ASH is devoted to the cause of promoting Masculinism. It has instituted the awards to counter the ‘rising trend of all this nonsense about the modern emancipation of women which has resulted in them getting it up their noses’, eventually manifesting itself in such ‘movements’ as Feminism, #MeToo and the like.

Things in the society have reached a state where physical violence inflicted upon the party of the other part, even if the husband is all sozzled up, is in the realm of imagination. So is the provocation of an extra-marital affair. The level of delicacy of the f of the s has already jumped up several notches, putting a lot of burden on the m of the s. Besides the harsh slings and arrows of a career, he is now expected to take care of household affairs. The days when he could afford the luxury of exerting his authority without being responsible for whatever may be happening on the domestic front are long since over. The rise in the delicacy level has resulted into a sharp drop in the tolerance levels, thereby making it relatively easier for aggrieved husbands to persuade their wives to seek a divorce. A mere flick of the eyebrow is all that is needed these days to send a wife scouring around for a lawyer.

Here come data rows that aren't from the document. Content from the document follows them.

(* Let $\mathbb X,\mathbb H,\mathbb Y$ be separable real Hilbert spaces, $\mathbf W\colon\mathbb X\to\mathbb H$ and $\mathbf A\colon\mathbb H\to\mathbb Y$ bounded linear operators, $\mathcal R\colon\mathbb X\to[0,\infty]$ proper, convex and weakly lower semicontinuous, $(\phi_\lambda)_{\lambda\in\Lambda}$ an orthonormal basis of $\mathbb H$ indexed by a countable set $\Lambda$, and $(\kappa_\lambda)_{\lambda\in\Lambda}$ weights with $\kappa_\lambda\ge a$ for all $\lambda$, for some $a>0$. Assume there is $x\in\mathbb X$ with $\mathcal R(x)+\|\mathbf W x\|_{1,\kappa}<\infty$. Suppose $(x_\star,h_\star,y_\star)\in\mathbb X\times\mathbb H\times\mathbb Y$ satisfies the following: (1.1) $\mathbf W x_\star=h_\star$ and $\mathbf A h_\star=y_\star$; (1.2) there is $u\in\mathbb H$ with $\mathbf W^*u\in\partial\mathcal R(x_\star)$; (1.3) there is $v\in\mathbb Y$ with $\eta:=\mathbf A^*v-u\in\partial\|\cdot\|_{1,\kappa}(h_\star)$; (1.4) the restriction $\mathbf A_{\Omega[\eta]}\colon\mathbb H_{\Omega[\eta]}\to\mathbb Y$ is injective. Let $C>0$. Then for every $\delta>0$, every $y^\delta\in\mathbb Y$ with $\|y^\delta-y_\star\|\le\delta$, $\alpha=C\delta$, and every minimizer $(x_\alpha^\delta,h_\alpha^\delta)$ of $$\mathcal B_{\alpha,y^\delta}(x,h)=\tfrac12\|\mathbf W x-h\|^2+\tfrac12\|\mathbf A h-y^\delta\|^2+\alpha\big(\mathcal R(x)+\|h\|_{1,\kappa}\big)$$ over $\mathbb X\times\mathbb H$, we have $$\mathcal D^{\mathcal R}_{\mathbf W^*u}(x_\alpha^\delta,x_\star)\le c_{(u,v)}\,\delta,\qquad \|h_\alpha^\delta-h_\star\|\le d_{(u,v)}\,\delta,$$ where $\|(u,v)\|=(\|u\|^2+\|v\|^2)^{1/2}$, $$c_{(u,v)}=\frac{(1+C\|(u,v)\|)^2}{2C},\qquad d_{(u,v)}=2\|\mathbf A_{\Omega[\eta]}^{-1}\|\,(1+C\|(u,v)\|)+\frac{1+\|\mathbf A_{\Omega[\eta]}^{-1}\|\,\|\mathbf A\|}{m[\eta]}\,c_{(u,v)}.$$
   Context: Weighted $\ell^1$ norm: $\|h\|_{1,\kappa}=\sum_{\lambda\in\Lambda}\kappa_\lambda|\langle\phi_\lambda,h\rangle|\in[0,\infty]$ for $h\in\mathbb H$. Subdifferential: $\xi\in\partial\mathcal F(z_\star)$ iff $\mathcal F(z)\ge\mathcal F(z_\star)+\langle\xi,z-z_\star\rangle$ for all $z$. Bregman distance: for $\xi\in\partial\mathcal F(z_\star)$, $\mathcal D^{\mathcal F}_\xi(z,z_\star)=\mathcal F(z)-\mathcal F(z_\star)-\langle\xi,z-z_\star\rangle$. For $\eta=\sum_\lambda\eta_\lambda\phi_\lambda\in\partial\|\cdot\|_{1,\kappa}(h_\star)$ (which forces $|\eta_\lambda|\le\kappa_\lambda$ for all $\lambda$), set $\Omega[\eta]=\{\lambda\in\Lambda: |\eta_\lambda|=\kappa_\lambda\}$ (a finite set) and $m[\eta]=\min\{\kappa_\lambda-|\eta_\lambda|:\lambda\notin\Omega[\eta]\}>0$ (with the term involving $1/m[\eta]$ read as $0$ if $\Lambda=\Omega[\eta]$). For finite $\Omega\subseteq\Lambda$: $\mathbb H_\Omega=\operatorname{span}\{\phi_\lambda:\lambda\in\Omega\}$, $\mathbf A_\Omega=\mathbf A|_{\mathbb H_\Omega}\colon\mathbb H_\Omega\to\mathbb Y$, and when $\mathbf A_\Omega$ is injective, $\|\mathbf A_\Omega^{-1}\|$ is the operator norm of its inverse $\operatorname{ran}(\mathbf A_\Omega)\to\mathbb H_\Omega$. *)

From HB Require Import structures.
From mathcomp Require Import all_boot all_order all_algebra.
From mathcomp Require Import all_classical all_reals all_analysis.
Set Implicit Arguments. Unset Strict Implicit. Unset Printing Implicit Defensive.
Import Order.TTheory GRing.Theory Num.Theory.
Import numFieldNormedType.Exports.
Local Open Scope classical_set_scope.
Local Open Scope ring_scope.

But the foundations of our civilization are quivering. The institution of marriage itself is being torn down brick by brick by cold-hearted wives clawing their way up the power ladder in a family. Unless prompt steps are taken through proper channels, the future of humanity is at stake. Males need to reassert themselves so the process of human evolution does not get derailed.

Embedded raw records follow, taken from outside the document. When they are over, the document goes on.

(* Let $G\sim G(p,c/p)$ with $c=\Omega(p^{3/4+\epsilon'})$ for some $\epsilon'>0$. Partition the vertex set into three parts $A,B,C$ each of size $p/3$, let $\gamma=c^2/(6p)$, and let $m_{A,C}$ be the number of pairs $(a,c_0)\in A\times C$ such that at least $\gamma$ nodes of $B$ are adjacent to both $a$ and $c_0$. Then $$\Pr\Big(m_{A,C}\le\tfrac12(p/3)^2\Big)\le\frac{p}{3}\exp\!\Big(-\frac{p}{36}\Big).$$
   Context: $G(p,c/p)$ is the Erdős–Rényi random graph on $p$ vertices with independent edge probability $c/p$. *)

From HB Require Import structures.
From mathcomp Require Import all_boot all_order all_algebra.
From mathcomp Require Import reals.
From mathcomp Require Import sequences exp.
Set Implicit Arguments. Unset Strict Implicit. Unset Printing Implicit Defensive.
Import Order.TTheory GRing.Theory Num.Theory.
Local Open Scope ring_scope.

(* A simple graph on vertex set 'I_p is given by its edge set E, a set of
   2-element subsets of 'I_p. *)
Definition pairs2 (p : nat) : {set {set 'I_p}} := [set e : {set 'I_p} | #|e| == 2%N].

Definition adj (p : nat) (E : {set {set 'I_p}}) (u v : 'I_p) : bool :=
  (u != v) && ([set u; v] \in E).

(* Probability mass of the edge set E in the Erdos-Renyi model G(p,q):
   each of the 2-element subsets is an edge independently with prob. q. *)
Definition gnp_mass (R : realType) (p : nat) (q : R) (E : {set {set 'I_p}}) : R :=
  if E \subset pairs2 p then
    \prod_(e in pairs2 p) (if e \in E then q else 1 - q)
  else 0.

Definition gnp_prob (R : realType) (p : nat) (q : R)
  (P : pred {set {set 'I_p}}) : R :=
  \sum_(E | P E) gnp_mass q E.

Definition codeg_in (p : nat) (E : {set {set 'I_p}}) (B : {set 'I_p}) (a c0 : 'I_p) : nat :=
  #|[set b in B | adj E a b && adj E c0 b]|.

Definition m_AC (R : realType) (p : nat) (E : {set {set 'I_p}})
  (A B C : {set 'I_p}) (gamma : R) : nat :=
  #|[set x : 'I_p * 'I_p | [&& x.1 \in A, x.2 \in C &
                              gamma <= (codeg_in E B x.1 x.2)%:R]]|.

From HB Require Import structures.
From mathcomp Require Import all_boot all_order all_algebra.
From mathcomp Require Import reals.
From mathcomp Require Import sequences exp.
From mathcomp Require Import ring lra zify.
Set Implicit Arguments. Unset Strict Implicit. Unset Printing Implicit Defensive.
Import Order.TTheory GRing.Theory Num.Theory.
Local Open Scope ring_scope.

(* Write q = c/p and n = p/3.  If m_{A,C} <= n^2/2, then either a quarter of
   the vertices of A have fewer than (4/5) n q neighbours in B, or some a in A of
   larger degree has, for a quarter of the c in C, fewer than gamma = n q^2 / 2
   common neighbours with c: otherwise more than (3n/4)^2 > n^2/2 pairs are good.
   A Chernoff bound (through the moment E[s^X], s < 1) makes each single
   degree, resp. codegree given the edges between a and B, atypical with
   probability at most 1/60 once n q^2 >= 6000.  These events are determined by
   disjoint sets of edges, so Markov's inequality for 16^(number of atypical
   events) bounds the probability that a quarter of them occur by
   ((1 + 15/60)/2)^n <= e^(-n/4).  A union bound over a gives
   (1 + n) e^(-n/4) <= n e^(-n/12), and c >= K p^(3/4+eps') yields
   c^2 >= 18000 p for large p. *)

Lemma setI_subset_disjoint (T : finType) (E J1 J2 : {set T}) :
  E \subset J1 -> [disjoint J1 & J2] -> E :&: J2 = set0.
Proof. by move=> sE dJ; apply/disjoint_setI0/(disjointWl sE). Qed.

Lemma sum_subsets_setU (R : nmodType) (T : finType) (J1 J2 : {set T})
    (g : {set T} -> R) : [disjoint J1 & J2] ->
  \sum_(E : {set T} | E \subset J1 :|: J2) g E =
  \sum_(E1 : {set T} | E1 \subset J1) \sum_(E2 : {set T} | E2 \subset J2) g (E1 :|: E2).
Proof.
move=> dJ; rewrite pair_big_dep /=.
rewrite (reindex_onto (fun x => x.1 :|: x.2) (fun E => (E :&: J1, E :&: J2))) /=;
  last by move=> E sE; rewrite -setIUr; apply/setIidPl.
apply: eq_bigl => -[E1 E2] /=; apply/idP/idP.
- by case/andP=> _ /eqP[<- <-]; rewrite !subsetIr.
- case/andP=> s1 s2; rewrite setUSS //=; apply/eqP; congr pair; rewrite setIUl.
  + by rewrite (setIidPl s1) (setI_subset_disjoint s2) ?setU0 // disjoint_sym.
  + by rewrite (setIidPl s2) (setI_subset_disjoint s1 dJ) set0U.
Qed.

Lemma prodr_if_card (R : comPzSemiRingType) (I : finType) (S : {set I})
    (P : pred I) (s : R) :
  \prod_(i in S) (if P i then s else 1) = s ^+ #|[set i in S | P i]|.
Proof. by rewrite -big_mkcondr -prodr_const; apply: eq_bigl => i; rewrite !inE. Qed.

Those who qualify to apply for the Star Sterner Award would need to conclusively demonstrate having any or all of the personality traits mentioned herein below. They should have successfully persuaded their soul mates to promptly file for a divorce.

  • He has always imagined himself to be the King of Babylon and has treated his wife like an Egyptian slave. He would have been the lord and master of the house in the truest sense of term. His wish should have been her command. From time to time, he should have shown her place by assaulting her physically. He should have made her submit unconditionally to his whims and fancies. Like a caveman of the distant past, he should have never cringed at the prospect of hitting her with a club and dragging her with her hair to the cave. This would have fulfilled her inward yearning to be treated like Mrs Spottsworth.
  • He realizes that the proof of his masculinity lies in his donning the mantle of a Serial Harasser. He may otherwise lose whatever respect he gets from the society. Following would have been his role models:-Vincent Jopp who is known to have been terrible to his wife Luella Mainprice Jopp. He always insisted that her dog eat the leg of a chicken and not the breast.

    -Sir Derek Underhill, the knighted MP whose treatment of Jill (the reckless) scored rather high on the Richter Scale of Harassment of the Delicately Nurtured.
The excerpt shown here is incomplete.